# Conversion of angular momentum to linear momentum

• ozcliff
In summary, when a bowl in motion collides at a glancing angle with another bowl at rest, the apparent pre-collision velocity is seemingly increased. This is likely due to the conservation of linear momentum, but the increase in velocity may be an illusion.
ozcliff
The balls used in the game of lawn bowls are biased so that they travel in a curved path of decreasing radius. When a bowl in motion collides at a glancing angle with another bowl at rest, it -appears- to increase its velocity. Due to conservation of linear momentum the post-collision velocity cannot be greater than the pre-collision velocity, yet the velocity does -appear- to increase. This may just be an illusion or is there some way that the pre-collision angular momentum is converted to linear momentum due to the collision?

Angular momentum and linear momentum are separate quantities which are each independently conserved. There is no conversion between the two.

Dale said:
Angular momentum and linear momentum are separate quantities which are each independently conserved. There is no conversion between the two.
For a closed system the total linear and angular momentum are separately conserved. But, if a ball is spinning and comes into contact with a surface, the rotational angular momentum can be converted to linear momentum.

ozcliff said:
Summary:: Can angular momentum be converted to linear momentum through the collision of rolling biased balls?

The balls used in the game of lawn bowls are biased so that they travel in a curved path of decreasing radius. When a bowl in motion collides at a glancing angle with another bowl at rest, it -appears- to increase its velocity. Due to conservation of linear momentum the post-collision velocity cannot be greater than the pre-collision velocity, yet the velocity does -appear- to increase. This may just be an illusion or is there some way that the pre-collision angular momentum is converted to linear momentum due to the collision?
I suspect this is an illusion. It may be quite a common misconception for glancing collisions that energy is gained.

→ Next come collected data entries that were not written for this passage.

Lemma cvg_pairs_gcdb_density k : (0 < k)%N ->
  (fun N => (pairs_gcdb b N (pred1 k))%:R / N%:R ^+ 2 : R) @ \oo -->
  ((k ^ b.+1)%:R : R)^-1 * moebius_series R b.+1.
Proof.
move=> k_gt0.
have moebius_cvg := cvg_series_dominated _ _ _ norm_moebius_div_le (cvg_series_inv_sqr R).
have -> : ((k ^ b.+1)%:R : R)^-1 * moebius_series R b.+1 =
    limn (series (fun m => moebius R m * ((k * m) ^ b.+1)%:R^-1)).
  rewrite -[LHS]/(_ *: _) -lim_seriesZ //; congr (limn (series _)); apply/funext => m.
  by rewrite /= expnMn natrM invfM mulrCA.
have -> : (fun N => (pairs_gcdb b N (pred1 k))%:R / N%:R ^+ 2 : R) = fun N =>
    \sum_(m < N.+1) moebius R m * ((pairs_gcdb b N (dvdn (k * m)))%:R / N%:R ^+ 2).
  apply/funext => N; rewrite pairs_gcdb_moebius // mulr_suml.
  by under eq_bigr do rewrite -mulrA.
apply: (@cvg_sum_dominated R
  (fun N m => moebius R m * ((pairs_gcdb b N (dvdn (k * m)))%:R / N%:R ^+ 2))
  (fun m => moebius R m * ((k * m) ^ b.+1)%:R^-1) _ _ _ (cvg_series_inv_sqr R)) => [m | N m].
  have [->|m_gt0] := posnP m.
    by under eq_cvg do rewrite moebius0 mul0r; rewrite moebius0 mul0r; apply: cvg_cst.
  by apply: cvgMl_tmp; apply: cvg_pairs_gcdb_dvd_density; rewrite muln_gt0 k_gt0.
have [->|m_gt0] := posnP m; first by rewrite moebius0 mul0r normr0 invr_ge0.
have km_gt0 : (0 < k * m)%N by rewrite muln_gt0 k_gt0.
rewrite normrM [X in _ * X]ger0_norm ?divr_ge0 // -[X in _ <= X]mul1r.
apply: ler_pM; rewrite ?divr_ge0 ?norm_moebius_le1 //.
apply: le_trans (pairs_gcdb_dvd_density_le N _ km_gt0) _.
by rewrite lef_natrV ?expn_gt0 ?m_gt0 // leq_exp2r // leq_pmull.
Qed.

Lemma cvg_count_gcdb_density S :
  (fun N => (count_gcdb b S N)%:R / N%:R ^+ 2 : R) @ \oo -->
  moebius_series R b.+1 * zetaS R S b.+1.
Proof.
have indicator_le k : `|(k \in S)%:R / (k ^ b.+1)%:R| <= inv_sqr k.
  rewrite normrM normfV !normr_nat; apply: le_trans (lef_natrV_expn R k 2 b.+1 isT b_gt0).
  by rewrite ler_piMl ?invr_ge0 // lern1 leq_b1.
have -> : (fun N => (count_gcdb b S N)%:R / N%:R ^+ 2 : R) = fun N =>
    \sum_(k < N.+1) ((k : nat) \in S)%:R * ((pairs_gcdb b N (pred1 (k : nat)))%:R / N%:R ^+ 2).
  apply/funext => N; rewrite count_gcdbE pairs_gcdb_partition natr_sum mulr_suml big_mkcond.
  by apply: eq_bigr => k _; case: (_ \in _); rewrite ?mul1r ?mul0r.
have -> : moebius_series R b.+1 * zetaS R S b.+1 =
    limn (series (fun k => (k \in S)%:R * ((k ^ b.+1)%:R^-1 * moebius_series R b.+1))).
  rewrite zetaSE // -[LHS]/(_ *: _) -lim_seriesZ; last first.
    exact: cvg_series_dominated _ _ _ indicator_le (cvg_series_inv_sqr R).
  by congr (limn (series _)); apply/funext => k; rewrite !fctE -[_ *: _]/(_ * _); ring.
apply: (@cvg_sum_dominated R
  (fun N k => (k \in S)%:R * ((pairs_gcdb b N (pred1 k))%:R / N%:R ^+ 2))
  (fun k => (k \in S)%:R * ((k ^ b.+1)%:R^-1 * moebius_series R b.+1)) _ _ _
  (cvg_series_inv_sqr R)) => [k | N k].
  have [->|k_gt0] := posnP k; last by apply: cvgMl_tmp; apply: cvg_pairs_gcdb_density.
  under eq_cvg do rewrite pairs_gcdb_eq0 mul0r mulr0.
  by rewrite exp0n // invr0 mul0r mulr0; apply: cvg_cst.
have [->|k_gt0] := posnP k; first by rewrite pairs_gcdb_eq0 mul0r mulr0 normr0 invr_ge0.
rewrite normrM [X in _ * X]ger0_norm ?divr_ge0 // -[X in _ <= X]mul1r.
apply: ler_pM; rewrite ?divr_ge0 ?normr_nat ?lern1 ?leq_b1 //.
apply: le_trans (pairs_gcdb_dvd_density_le N _ k_gt0).
rewrite ler_wpM2r ?invr_ge0 ?exprn_ge0 // ler_nat.
by apply: leq_pairs_gcdb => g /eqP ->.
Qed.

End Densities.

Lemma count_gcdb_setT b N : count_gcdb b setT N = (N ^ 2)%N.
Proof.
rewrite count_gcdbE (_ : (fun k => k \in setT) = dvdn 1).
  by rewrite pairs_gcdb_dvd // exp1n !divn1.
by apply/funext => k; rewrite in_setT dvd1n.
Qed.

Lemma cvg_count_gcdb_setT (R : realType) b :
  (fun N => (count_gcdb b setT N)%:R / N%:R ^+ 2 : R) @ \oo --> (1 : R).
Proof.
apply/cvgrPdist_le => e e_gt0; exists 1%N => // N /= N_gt0.
by rewrite count_gcdb_setT natrX divff ?subrr ?normr0 ?ltW // expf_neq0 // pnatr_eq0 -lt0n.
Qed.

Theorem mainTheorem5 (R : realType) (b : nat) (S : set nat) :
  (0 < b)%N ->
  (fun N : nat => ((count_gcdb b S N)%:R / (N%:R ^+ 2) : R)) @ \oo
    --> zetaS R S b.+1 / zeta R b.+1.
Proof.
move=> b_gt0.
have zeta_inv : moebius_series R b.+1 * zeta R b.+1 = 1.
  rewrite zeta_setT -(cvg_lim _ (cvg_count_gcdb_density R b b_gt0 setT)) //.
  exact: cvg_lim (cvg_count_gcdb_setT R b).
have zeta_neq0 : zeta R b.+1 != 0.
  by apply: contra_eq_neq zeta_inv => ->; rewrite mulr0 eq_sym oner_neq0.
rewrite mulrC (_ : _^-1 = moebius_series R b.+1); first exact: cvg_count_gcdb_density.
by apply: (mulIf zeta_neq0); rewrite mulVf // zeta_inv.
Qed.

The situation is different for, say, a spinning cricket ball, which can leave the surface with a greater speed - and especially a greater horizontal speed - than it had before impact.

PeroK said:
But, if a ball is spinning and comes into contact with a surface, the rotational angular momentum can be converted to linear momentum.
This way to phrase it just leads to confusion. Rotational and linear kinetic energy have the same dimension, so it's obvious what converting means. But angular and linear momentum don't have the same dimension, so it's not so obvious what converting means. I would not mention any converting of angular momentum to linear momentum:

- The force from the surface adds linear momentum.
- The force from the surface creates a torque that reduces the angular momentum.
- The rotational kinetic energy is converted into linear kinetic energy.

Last edited:
PeroK, Nugatory, Dale and 1 other person
ozcliff said:
Due to conservation of linear momentum the post-collision velocity cannot be greater than the pre-collision velocity,
Total linear momentum is conserved as a vector. If the bowl initially at rest gains velocity in one direction, the initially moving bowl can gain velocity in the opposite direction and increase its velocity magnitude. But the energy has to come from somewhere, for example from the spin of the bowl.

vanhees71
PeroK said:
For a closed system the total linear and angular momentum are separately conserved. But, if a ball is spinning and comes into contact with a surface, the rotational angular momentum can be converted to linear momentum.
I would not say that one is converted to the other even in this case. The units are different so conversion doesn’t make sense. Different forms of energy have the same units, so it makes sense to convert between them, but angular and linear momentum are not different forms of momentum in that sense.

What I would say is that the external interaction provides both force and torque which change the linear and angular momentum of the system and the environment.

Edit: @A.T. said it better and faster!

weirdoguy

## 1. What is the definition of angular momentum?

Angular momentum is a measure of the rotational motion of an object around an axis. It is the product of an object's moment of inertia and its angular velocity.

## 2. How is angular momentum related to linear momentum?

Angular momentum and linear momentum are both conserved quantities in a closed system. This means that the total amount of angular momentum and linear momentum in a system will remain constant, even if they are converted between each other.

## 3. Can angular momentum be converted to linear momentum?

Yes, angular momentum can be converted to linear momentum and vice versa. This is known as the conservation of angular momentum and linear momentum, and it occurs when there is a change in the rotational motion of an object.

## 4. What are some examples of conversion of angular momentum to linear momentum?

One example is when a spinning top falls over and its rotational motion is converted to linear motion as it falls. Another example is the motion of a satellite around a planet, where the angular momentum of the satellite is converted to linear momentum as it moves in its orbit.

## 5. How is the conversion of angular momentum to linear momentum used in real-world applications?

The conversion of angular momentum to linear momentum is used in many real-world applications, such as in the design of rockets and spacecraft. By using the conservation of angular momentum and linear momentum, engineers can calculate the necessary forces and velocities to achieve desired trajectories and maneuvers.